## Description of the task
Scan the lines below; pull out those with "implicits".

[Stored entries]

-=-=-=-=-

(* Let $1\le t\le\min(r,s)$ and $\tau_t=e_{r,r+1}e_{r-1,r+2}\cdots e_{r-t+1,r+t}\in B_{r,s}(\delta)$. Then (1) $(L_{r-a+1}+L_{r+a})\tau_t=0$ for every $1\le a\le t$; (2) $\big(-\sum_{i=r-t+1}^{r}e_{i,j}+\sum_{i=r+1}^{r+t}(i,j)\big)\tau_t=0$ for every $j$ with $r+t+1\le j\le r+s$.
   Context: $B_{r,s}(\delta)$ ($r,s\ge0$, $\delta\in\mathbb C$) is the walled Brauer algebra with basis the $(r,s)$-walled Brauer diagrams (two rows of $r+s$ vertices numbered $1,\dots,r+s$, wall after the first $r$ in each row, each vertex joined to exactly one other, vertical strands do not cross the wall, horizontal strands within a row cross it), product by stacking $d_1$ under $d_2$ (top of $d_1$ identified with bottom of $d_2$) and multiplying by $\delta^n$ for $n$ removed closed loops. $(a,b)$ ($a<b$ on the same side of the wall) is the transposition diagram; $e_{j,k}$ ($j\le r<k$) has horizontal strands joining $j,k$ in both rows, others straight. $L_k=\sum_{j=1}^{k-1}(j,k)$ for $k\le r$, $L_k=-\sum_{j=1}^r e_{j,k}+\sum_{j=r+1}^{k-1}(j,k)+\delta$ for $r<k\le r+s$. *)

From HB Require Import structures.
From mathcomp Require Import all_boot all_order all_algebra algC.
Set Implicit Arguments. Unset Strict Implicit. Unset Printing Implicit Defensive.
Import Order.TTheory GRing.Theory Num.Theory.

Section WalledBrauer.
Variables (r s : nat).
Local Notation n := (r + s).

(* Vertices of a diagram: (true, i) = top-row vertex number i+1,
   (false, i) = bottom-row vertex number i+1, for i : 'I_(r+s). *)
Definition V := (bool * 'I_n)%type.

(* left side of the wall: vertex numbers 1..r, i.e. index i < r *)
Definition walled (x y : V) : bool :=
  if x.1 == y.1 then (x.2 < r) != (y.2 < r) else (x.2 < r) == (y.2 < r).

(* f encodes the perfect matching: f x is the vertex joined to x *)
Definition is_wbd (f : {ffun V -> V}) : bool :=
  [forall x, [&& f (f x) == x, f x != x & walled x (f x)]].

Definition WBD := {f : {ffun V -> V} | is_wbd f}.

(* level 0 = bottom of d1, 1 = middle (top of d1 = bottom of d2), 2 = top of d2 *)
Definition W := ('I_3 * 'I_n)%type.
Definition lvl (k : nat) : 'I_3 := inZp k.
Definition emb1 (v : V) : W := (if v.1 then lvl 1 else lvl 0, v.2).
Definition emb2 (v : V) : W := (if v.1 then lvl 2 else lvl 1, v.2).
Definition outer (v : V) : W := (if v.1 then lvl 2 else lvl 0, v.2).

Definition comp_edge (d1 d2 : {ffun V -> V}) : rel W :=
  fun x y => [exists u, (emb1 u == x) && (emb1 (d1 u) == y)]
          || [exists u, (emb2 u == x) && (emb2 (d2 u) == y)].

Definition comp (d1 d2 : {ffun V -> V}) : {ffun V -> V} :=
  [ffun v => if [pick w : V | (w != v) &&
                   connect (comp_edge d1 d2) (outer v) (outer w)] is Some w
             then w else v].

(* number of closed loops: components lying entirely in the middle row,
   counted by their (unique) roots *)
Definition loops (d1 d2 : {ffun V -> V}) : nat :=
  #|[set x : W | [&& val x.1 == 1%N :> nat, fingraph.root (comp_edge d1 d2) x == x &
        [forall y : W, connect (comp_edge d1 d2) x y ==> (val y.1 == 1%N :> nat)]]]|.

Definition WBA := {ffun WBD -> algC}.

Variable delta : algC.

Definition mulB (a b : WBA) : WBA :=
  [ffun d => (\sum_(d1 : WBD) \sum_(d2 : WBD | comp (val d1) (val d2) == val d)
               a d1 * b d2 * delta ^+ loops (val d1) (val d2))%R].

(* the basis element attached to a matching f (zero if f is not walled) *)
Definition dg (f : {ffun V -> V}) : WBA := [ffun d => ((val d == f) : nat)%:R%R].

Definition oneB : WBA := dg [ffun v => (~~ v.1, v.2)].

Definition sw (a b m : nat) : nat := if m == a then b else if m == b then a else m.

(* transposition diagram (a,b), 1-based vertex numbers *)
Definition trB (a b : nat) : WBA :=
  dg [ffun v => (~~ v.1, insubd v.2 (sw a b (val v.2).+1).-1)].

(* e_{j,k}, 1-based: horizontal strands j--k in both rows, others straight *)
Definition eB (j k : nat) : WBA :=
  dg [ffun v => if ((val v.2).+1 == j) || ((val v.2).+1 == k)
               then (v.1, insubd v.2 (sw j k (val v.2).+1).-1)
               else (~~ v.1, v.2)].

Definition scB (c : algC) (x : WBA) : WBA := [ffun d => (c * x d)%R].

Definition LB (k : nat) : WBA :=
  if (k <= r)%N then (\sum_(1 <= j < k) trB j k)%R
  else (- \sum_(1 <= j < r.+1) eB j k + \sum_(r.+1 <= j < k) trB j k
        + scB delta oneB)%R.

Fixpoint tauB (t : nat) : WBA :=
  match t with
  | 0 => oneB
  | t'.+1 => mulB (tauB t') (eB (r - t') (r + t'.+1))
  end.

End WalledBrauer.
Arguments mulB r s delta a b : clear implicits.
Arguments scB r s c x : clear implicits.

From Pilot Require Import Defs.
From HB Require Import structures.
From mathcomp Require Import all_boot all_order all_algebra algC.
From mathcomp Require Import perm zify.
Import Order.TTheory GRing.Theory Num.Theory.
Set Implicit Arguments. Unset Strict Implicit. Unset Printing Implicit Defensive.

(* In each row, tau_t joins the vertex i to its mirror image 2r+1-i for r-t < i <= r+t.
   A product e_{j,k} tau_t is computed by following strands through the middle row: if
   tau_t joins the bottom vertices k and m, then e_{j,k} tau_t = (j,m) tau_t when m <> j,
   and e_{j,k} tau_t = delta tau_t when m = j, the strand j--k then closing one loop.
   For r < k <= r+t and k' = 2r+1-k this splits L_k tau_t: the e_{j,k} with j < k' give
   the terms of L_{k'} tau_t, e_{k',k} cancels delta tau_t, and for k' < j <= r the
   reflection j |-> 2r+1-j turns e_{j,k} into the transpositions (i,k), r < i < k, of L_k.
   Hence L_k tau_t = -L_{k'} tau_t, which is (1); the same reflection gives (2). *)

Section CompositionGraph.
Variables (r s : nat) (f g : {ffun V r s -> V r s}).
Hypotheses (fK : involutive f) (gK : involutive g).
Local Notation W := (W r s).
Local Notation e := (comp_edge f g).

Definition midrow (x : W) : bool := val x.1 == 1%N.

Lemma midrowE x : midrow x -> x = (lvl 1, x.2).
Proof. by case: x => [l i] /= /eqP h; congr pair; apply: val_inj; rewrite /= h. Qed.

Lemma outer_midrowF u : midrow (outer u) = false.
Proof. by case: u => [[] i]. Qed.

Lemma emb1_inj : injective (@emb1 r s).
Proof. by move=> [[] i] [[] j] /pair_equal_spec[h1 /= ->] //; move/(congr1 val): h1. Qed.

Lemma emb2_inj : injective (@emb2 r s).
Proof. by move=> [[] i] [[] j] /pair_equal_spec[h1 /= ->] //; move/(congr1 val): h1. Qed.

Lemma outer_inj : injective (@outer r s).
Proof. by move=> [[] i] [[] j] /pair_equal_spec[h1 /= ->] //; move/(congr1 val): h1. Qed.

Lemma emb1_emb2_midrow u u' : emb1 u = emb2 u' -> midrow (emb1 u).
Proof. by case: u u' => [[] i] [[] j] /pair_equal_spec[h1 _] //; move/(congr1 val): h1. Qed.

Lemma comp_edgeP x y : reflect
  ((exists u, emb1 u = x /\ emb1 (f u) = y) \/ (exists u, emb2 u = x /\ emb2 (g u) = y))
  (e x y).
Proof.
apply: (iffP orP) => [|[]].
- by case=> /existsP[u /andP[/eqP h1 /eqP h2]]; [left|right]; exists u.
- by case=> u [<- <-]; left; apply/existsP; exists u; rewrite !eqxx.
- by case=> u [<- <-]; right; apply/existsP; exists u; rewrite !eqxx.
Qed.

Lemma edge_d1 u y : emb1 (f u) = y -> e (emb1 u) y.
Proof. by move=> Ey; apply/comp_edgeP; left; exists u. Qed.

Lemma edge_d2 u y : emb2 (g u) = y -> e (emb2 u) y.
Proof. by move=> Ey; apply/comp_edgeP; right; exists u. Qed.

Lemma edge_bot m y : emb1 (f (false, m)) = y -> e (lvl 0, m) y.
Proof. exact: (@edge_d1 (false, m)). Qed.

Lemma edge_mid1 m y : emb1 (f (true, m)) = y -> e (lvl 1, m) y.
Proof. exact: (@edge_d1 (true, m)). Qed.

-=-=-=-=-

## Answer to this exercise
Arguments mulB r s delta a b : clear implicits.
Arguments scB r s c x : clear implicits.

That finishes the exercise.